数据库设计—层次结构建模的表设计

时间:2022-12-16 16:54:05

I am designing a laboratory information system (LIS) and am confused on how to design the tables for the different laboratory tests. How should I deal with a table that has an attribute with multiple values and each of the multiple values of that attribute can also have multiple values as well?

我正在设计一个实验室信息系统(LIS),对如何为不同的实验室测试设计表格感到困惑。我应该如何处理具有多个值的属性的表,该属性的每个值也可以具有多个值?

Here's some of the data in my LIS design...

以下是我的LIS设计中的一些数据……

    HEMATOLOGY  <-------- Lab group
    **************************************************************
     CBC        <-------- Sub group 1
       RBC      <-------- Component
       WBC
       Hemoglobin
       Hematocrit
       MCV
       MCH
       MCHC
       Platelet count
     Hemoglobin
     Hematocrit
     WBC differential
       Neutrophils
       Lymphocytes
       Monocytes
       Eosinophils
       Basophils
     Platelet count
     Reticulocyte count
     ESR
     Bleeding time
     Clotting time
     Pro-time
     Peripheral smear
     Malarial smear
     ABO
     RH typing

    CLINICAL MICROSCOPY       <-------- Lab Group
    **************************************************************
     Routine urinalysis       <-------- Sub group 1
       Visual Examination     <-------- Sub group 2
         Color                <-------- Component
         Turbidity
         Specific Gravity       
       Chemical Examination
         pH
         protein
         glucose
         ketones
         RBC
         Hbg
         bilirubin
         specific gravitiy
         nitrite for bacteria
         urobilinogen
         leukocyte esterase 
       Microscopic Examination
         Red Blood Cells (RBCs)
         White Blood Cells (WBCs)
         Epithelial Cells 
         Microorganisms (bacteria, trichomonads, yeast) 
         Trichomonads 
         Casts 
         Crystals
     Occult Blood
     Pregnancy Test 

...This hierarchy of data also gets repeated in other lab groupings in my design (e.g. Blood chemistry, Serology, etc)...

…在我的设计中,这种层次数据在其他实验室分组中也会重复出现(例如,血液化学、血清学等)……

Another question is, how am I gonna deal with a component (for example, RBC) which can be a member of one or more lab groups?

另一个问题是,我如何处理一个组件(例如,RBC),它可以是一个或多个实验室组的成员?

I already implemented a solution to my problem by making a separate tables, 1 for lab group, 1 for sub group 1, 1 for sub group 2 and 1 for component. And then created another table to consolidate all of them by placing a foreign key of each in this table...the only trade off is that some of the rows in this table may have null values. Im not satisfied with my design, so I'm hoping someone could give me advise on how to make it right; any help would be greatly appreciated.

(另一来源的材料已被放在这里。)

(* Let $\Sigma$ be a finite simplicial complex, let $d\ge0$, and assume $\deg\tau>0$ for all $\tau\in\Sigma_d$. Then $d+2$ is an eigenvalue of the normalized up-Laplacian $\Delta^{up}_d$ if and only if the signed graph $(\Gamma_d,\tilde s)$ has an antibalanced connected component. Moreover, the multiplicity of the eigenvalue $d+2$ equals the number of antibalanced connected components of $(\Gamma_d,\tilde s)$.
   Context: $\Sigma_d$ consists of the $d$-simplices of $\Sigma$ with fixed orientations. $\mathrm{sgn}([\tau],\partial[\sigma])\in\{\pm1\}$ is the coefficient of $[\tau]$ in the simplicial boundary $\partial[\sigma]$ of the oriented $(d+1)$-simplex $\sigma\supset\tau$. $\deg\tau$ is the number of $(d+1)$-simplices containing $\tau$. $\Delta^{up}_d=D^{-1}B_{d+1}B_{d+1}^\top$, where $B_{d+1}$ is the signed $\Sigma_d\times\Sigma_{d+1}$ incidence matrix and $D=\mathrm{diag}(\deg\tau)$; all its eigenvalues lie in $[0,d+2]$. $\Gamma_d$ is the graph on $\Sigma_d$ in which distinct $\tau,\tau'$ are adjacent iff both are facets of some (necessarily unique) $\sigma\in\Sigma_{d+1}$. The sign is $\tilde s(\tau,\tau')=-\mathrm{sgn}([\tau],\partial[\sigma])\,\mathrm{sgn}([\tau'],\partial[\sigma])$. Switching at a vertex means multiplying the signs of all edges at that vertex by $-1$. A signed graph (or a connected component of one) is balanced if after some switchings all edge signs are $+1$, and antibalanced if after some switchings all edge signs are $-1$. *)

From HB Require Import structures.
From mathcomp Require Import all_boot all_order all_algebra.
Unset Implicit Arguments. Unset Strict Implicit. Unset Printing Implicit Defensive.
Import Order.TTheory GRing.Theory Num.Theory.
Local Open Scope ring_scope.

我已经为我的问题实现了一个解决方案,分别做了一个单独的表,1个实验组,1个子组1,第2组和第1组。然后创建另一个表,通过在这个表中放置每个表的外键来合并它们……唯一的权衡是该表中的一些行可能具有null值。我对我的设计不满意,所以我希望有人能给我一些如何使它正确的建议;如有任何帮助,我们将不胜感激。

2 个解决方案

#1


2  

Here are a couple options:

这里有几个选择:

If it is just the hierarchy above you are modeling, and there is no other data involved, then you can do it in two tables:

如果只是上面的层次结构建模,并且没有其他数据涉及,那么您可以在两个表中完成:

数据库设计—层次结构建模的表设计

One problem with this is that you do not enforce that, for example, a sub_group must be a child of a lab_group, or that a component must be child of either a sub_group_1 or a sub_group_2, but you could enforce these requirements in your application tier instead.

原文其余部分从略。